Мой неаполитанец, далеко не исчерпавший запаса своих хитростей, приметил мою звериную бдительность и, видя, что я всякое утро проверяю купленные припасы и веду им счет, перестал их присваивать, но продолжал ежедневно закупать точно такое же количество. Благодаря этой уловке он увеличил свои барыши от кухонных остатков, принадлежавших ему по праву, и получил возможность посылать своей крошке хотя бы вареную пищу, поскольку не мог снабжать ее сырой. Бес тешился по-прежнему, а граф не выгадал ничего от того, что обзавелся таким фениксом среди управителей. Я все же не преминул обнаружить эту новую плутню, обратив внимание на чрезмерное изобилие, царившее за нашим столом, и тут же восстановил порядок, урезав излишки каждой перемены блюд, что произвел, однако, с большой осторожностью, так, чтоб это не походило на скупость. Всякий сказал бы, что господствует прежняя расточительность, а между тем я благодаря своей экономии значительно сократил расходы. Граф именно этого и требовал: он хотел бережливости, но и не имел желания уменьшать великолепие. Тщеславие побеждало в нем скопидомство.
Но я не удовлетворился этим и устранил еще и другое злоупотребление. Найдя, что расходуется слишком много вина, я заподозрил и здесь какую-то плутню. Действительно, когда за столом у графа собиралось, например, двенадцать персон, то выпивалось пятьдесят, а иной раз и шестьдесят бутылок.
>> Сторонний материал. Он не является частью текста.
(* Let $X$ and $Y$ be arbitrary (completely regular) spaces and $F\colon\mathcal{K}(X)\to\mathcal{K}(Y)$ a map satisfying: (1) if $K,L\in\mathcal{K}(X)$ and $K\subset L$, then $F(K)\subset F(L)$; $(2)_c$ for each countable $L\in\mathcal{K}(Y)$ there is $K\in\mathcal{K}(X)$ with $L\subset F(K)$; $(3)_c$ if $U\subset X$ and $V\subset Y$ are non-empty open sets such that for each countable compact $L\subset V$ there is a compact $K\subset U$ with $L\subset F(K)$, then for any open cover $\mathcal{W}$ of $U$ and any $y\in V$ there exist a finite $\mathcal{E}\subset\mathcal{W}$ and a neighborhood $V_y$ of $y$ such that every countable compact $L\subset V_y$ satisfies $L\subset F(K)$ for some compact $K\subset\bigcup\mathcal{E}$. Then $F$ is monotone set tri-quotient.
   Context: $\mathcal{K}(X)$ is the set of compact subsets of $X$, $\mathcal{T}(X)$ the topology of $X$. $F\colon\mathcal{K}(X)\to 2^Y$ is monotone if $K\subset L$ implies $F(K)\subset F(L)$; it is set tri-quotient if there is $s\colon\mathcal{T}(X)\to\mathcal{T}(Y)$ with: (str1) $s(U)\subset\bigcup\{F(K):K\in\mathcal{K}(X),K\subset U\}$; (str2) $s(X)=Y$; (str3) $U\subset V\Rightarrow s(U)\subset s(V)$; (str4) if $y\in s(U)$ and $\mathcal{W}$ is a cover of $\bigcup\{K\in F^{-1}(y):K\subset U\}$ by open subsets of $X$, then $y\in s(\bigcup\mathcal{E})$ for some finite $\mathcal{E}\subset\mathcal{W}$, where $F^{-1}(y)=\{K\in\mathcal{K}(X):y\in F(K)\}$. *)

From mathcomp Require Import all_boot all_classical all_reals all_analysis.
Set Implicit Arguments. Unset Strict Implicit. Unset Printing Implicit Defensive.
Local Open Scope classical_set_scope.

(* A map F : K(X) -> 2^Y is represented by F : set X -> set Y; only its
   values on compact sets matter. *)

Definition monotone_on_compacts (X : topologicalType) (Y : Type)
    (F : set X -> set Y) : Prop :=
  forall K L : set X, compact K -> compact L -> K `<=` L -> F K `<=` F L.

(* Set tri-quotient maps; s : T(X) -> T(Y) is represented by
   s : set X -> set Y, constrained on open sets only. *)
Definition set_tri_quotient (X Y : topologicalType) (F : set X -> set Y) : Prop :=
  exists s : set X -> set Y,
    (forall U : set X, open U -> open (s U)) /\
    (* (str1) *)
    (forall U : set X, open U ->
       s U `<=` \bigcup_(K in [set K : set X | compact K /\ K `<=` U]) F K) /\
    (* (str2) *)
    s setT = setT /\
    (* (str3) *)
    (forall U V : set X, open U -> open V -> U `<=` V -> s U `<=` s V) /\
    (* (str4) *)
    (forall (U : set X) (y : Y) (W : set (set X)), open U -> s U y ->
       (forall A, W A -> open A) ->
       \bigcup_(K in [set K : set X | compact K /\ K `<=` U /\ F K y]) K
         `<=` \bigcup_(A in W) A ->
       exists E : set (set X), [/\ finite_set E, E `<=` W &
         s (\bigcup_(A in E) A) y]).

From mathcomp Require Import all_boot all_classical all_reals all_analysis.
Set Implicit Arguments. Unset Strict Implicit. Unset Printing Implicit Defensive.
Local Open Scope classical_set_scope.

(* The witness is s(U) := the union of the open V all of whose countable
   compact subsets are covered by some F(K), K compact in U.  Then (str1)
   comes from singletons, (str2) is (2)_c and (str3) is immediate.  For
   (str4), adding y to a countable compact L forces every covering K to lie
   in the union of the compacts K' in U with y in F(K'), hence in the union
   of the cover W; so (3)_c applies to U intersected with the union of W. *)

Lemma countable_setU (T : Type) (A B : set T) :
  countable A -> countable B -> countable (A `|` B).
Proof.
move=> cA cB.
apply: (@sub_countable _ _ _ (\bigcup_(b in [set: bool]) (if b then A else B))).
  by apply: subset_card_le => x [Ax|Bx]; [exists true|exists false].
apply: bigcup_countable; first exact: countableP.
by case.
Qed.

Section countably_covered.
Variables (X Y : topologicalType) (F : set X -> set Y).

Definition countably_covered (U : set X) (V : set Y) : Prop :=
  forall L : set Y, countable L -> compact L -> L `<=` V ->
    exists K : set X, [/\ compact K, K `<=` U & L `<=` F K].

Definition countably_covered_interior (U : set X) : set Y :=
  [set y | exists V, [/\ open V, V y & countably_covered U V]].

Lemma countably_covered_sub (U U' : set X) (V V' : set Y) :
  U `<=` U' -> V' `<=` V -> countably_covered U V -> countably_covered U' V'.
Proof.
move=> UU' V'V cUV L cL kL LV'.
have [K [kK KU LK]] := cUV L cL kL (subset_trans LV' V'V).
by exists K; split => //; apply: subset_trans UU'.
Qed.

Lemma open_countably_covered_interior (U : set X) :
  open (countably_covered_interior U).
Proof.
have -> : countably_covered_interior U =
    \bigcup_(V in [set V | open V /\ countably_covered U V]) V.
  apply/seteqP; split => y; first by move=> [V [oV Vy cUV]]; exists V.
  by move=> [V [oV cUV] Vy]; exists V.
by apply: bigcup_open => V [].
Qed.

Lemma countably_covered_interior_sub_images (U : set X) :
  countably_covered_interior U `<=`
    \bigcup_(K in [set K : set X | compact K /\ K `<=` U]) F K.
Proof.
move=> y [V [_ Vy cUV]].
have yV : [set y] `<=` V by rewrite sub1set inE.
have [K [kK KU yK]] := cUV [set y] (countable1 y) (@compact_set1 Y y) yV.
by exists K => //; apply: yK.
Qed.

Lemma countably_covered_interiorS (U U' : set X) :
  U `<=` U' -> countably_covered_interior U `<=` countably_covered_interior U'.
Proof.
move=> UU' y [V [oV Vy cUV]]; exists V; split => //.
exact: countably_covered_sub cUV.
Qed.

Lemma countably_covered_fiber (U : set X) (V : set Y) (y : Y) :
  V y -> countably_covered U V ->
  countably_covered
    (U `&` \bigcup_(K in [set K : set X | compact K /\ K `<=` U /\ F K y]) K) V.
Proof.
move=> Vy cUV L cL kL LV.
have LyV : L `|` [set y] `<=` V by rewrite subUset sub1set inE.
have [K [kK KU LyK]] := cUV (L `|` [set y]) (countable_setU cL (countable1 y))
  (compactU kL (@compact_set1 Y y)) LyV.
exists K; split => //; last by move=> z Lz; apply: LyK; left.
move=> x Kx; split; first exact: KU.
by exists K => //; split => //; split => //; apply: LyK; right.
Qed.

Lemma countably_covered_interior_setT :
  (forall L : set Y, compact L -> countable L ->
     exists K : set X, compact K /\ L `<=` F K) ->
  countably_covered_interior setT = setT.
Proof.
move=> cover_countable; apply/seteqP; split => // y _.
exists setT; split => //; first exact: openT.
move=> L cL kL _; have [K [kK LK]] := cover_countable L kL cL.
by exists K.
Qed.

Hypothesis countably_covered_finite_subcover :
  forall (U : set X) (V : set Y),
    open U -> U !=set0 -> open V -> V !=set0 -> countably_covered U V ->
    forall W : set (set X), (forall A, W A -> open A) ->
    U `<=` \bigcup_(A in W) A ->
    forall y : Y, V y ->
    exists E : set (set X), exists Vy : set Y,
      [/\ finite_set E, E `<=` W, nbhs y Vy &
        countably_covered (\bigcup_(A in E) A) Vy].

Lemma countably_covered_interior_finite_subcover (U : set X) (y : Y)
    (W : set (set X)) :
  open U -> countably_covered_interior U y -> (forall A, W A -> open A) ->
  \bigcup_(K in [set K : set X | compact K /\ K `<=` U /\ F K y]) K
    `<=` \bigcup_(A in W) A ->
  exists E : set (set X), [/\ finite_set E, E `<=` W &
    countably_covered_interior (\bigcup_(A in E) A) y].
Proof.
move=> oU [V [oV Vy cUV]] oW fiberW.
pose O := U `&` \bigcup_(A in W) A.
have cOV : countably_covered O V.
  apply: countably_covered_sub (countably_covered_fiber Vy cUV) => //.
  by move=> x [Ux /fiberW Wx].
have [[x Ox]|O0] := pselect (O !=set0); last first.
  exists set0; split; [exact: finite_set0|exact: sub0set|].
  exists V; split => //; apply: countably_covered_sub cOV => // x Ox.
  by case: O0; exists x.
have oO : open O by apply: openI => //; apply: bigcup_open.
have [E [Vy' [fE EW nVy' cEVy']]] := countably_covered_finite_subcover
  oO (ex_intro _ x Ox) oV (ex_intro _ y Vy) cOV oW (@subIsetr _ _ _) Vy.
exists E; split => //; exists Vy'°; split.
- exact: open_interior.
- exact: nbhs_singleton (nbhs_interior nVy').
- exact: countably_covered_sub (@subset_refl _ _) (@interior_subset _ _) cEVy'.
Qed.

End countably_covered.

Theorem proposition2p4 (X Y : topologicalType)
  (hX : completely_regular_space X) (hXs : hausdorff_space X)
  (hY : completely_regular_space Y) (hYs : hausdorff_space Y)
  (F : set X -> set Y)
  (hFK : forall K : set X, compact K -> compact (F K))
  (h1 : forall K L : set X, compact K -> compact L -> K `<=` L -> F K `<=` F L)
  (h2 : forall L : set Y, compact L -> countable L ->
          exists K : set X, compact K /\ L `<=` F K)
  (h3 : forall (U : set X) (V : set Y),
          open U -> U !=set0 -> open V -> V !=set0 ->
          (forall L : set Y, countable L -> compact L -> L `<=` V ->
             exists K : set X, [/\ compact K, K `<=` U & L `<=` F K]) ->
          forall W : set (set X), (forall A, W A -> open A) ->
          U `<=` \bigcup_(A in W) A ->
          forall y : Y, V y ->
          exists E : set (set X), exists Vy : set Y,
            [/\ finite_set E, E `<=` W, nbhs y Vy &
              forall L : set Y, countable L -> compact L -> L `<=` Vy ->
                exists K : set X,
                  [/\ compact K, K `<=` \bigcup_(A in E) A & L `<=` F K]]) :
  monotone_on_compacts F /\ set_tri_quotient F.
Proof.
split; first exact: h1.
exists (countably_covered_interior F); split.
  by move=> U _; exact: open_countably_covered_interior.
split; first by move=> U _; exact: countably_covered_interior_sub_images.
split; first exact: countably_covered_interior_setT.
split; first by move=> U V _ _; exact: countably_covered_interiorS.
by move=> U y W oU; exact: countably_covered_interior_finite_subcover.
Qed.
Это меня удивляло, и я обратился к своему оракулу, т. е. поваренку, с которым происходили у нас тайные собеседования и который доносил мне в точности все, что говорилось и делалось на кухне, где на него не имели ни малейшего подозрения. Так, он сообщил, что причиной обеспокоившего меня бедствия была новая лига, образованная дворецким, поваром и лакеями, разливавшими напитки, и что эти последние уносили на кухню наполовину опорожненные бутылки, каковые затем распределялись между конфедератами. Я отчитал лакеев и пригрозил вышвырнуть их из дому, если что-либо подобное повторится. Этого было достаточно, чтоб вернуть их на стезю долга. Мой барин, которого я тщательно оповещал о мельчайших мероприятиях, предпринимаемых мною в его интересах, осыпал меня похвалами, а расположение его ко мне возрастало с каждым днем. Желая, со своей стороны, вознаградить ложкомоя, оказавшего мне столь важные услуги, я произвел его в младшие повара. Вот какими способами честный слуга пробивает себе дорогу в богатых домах.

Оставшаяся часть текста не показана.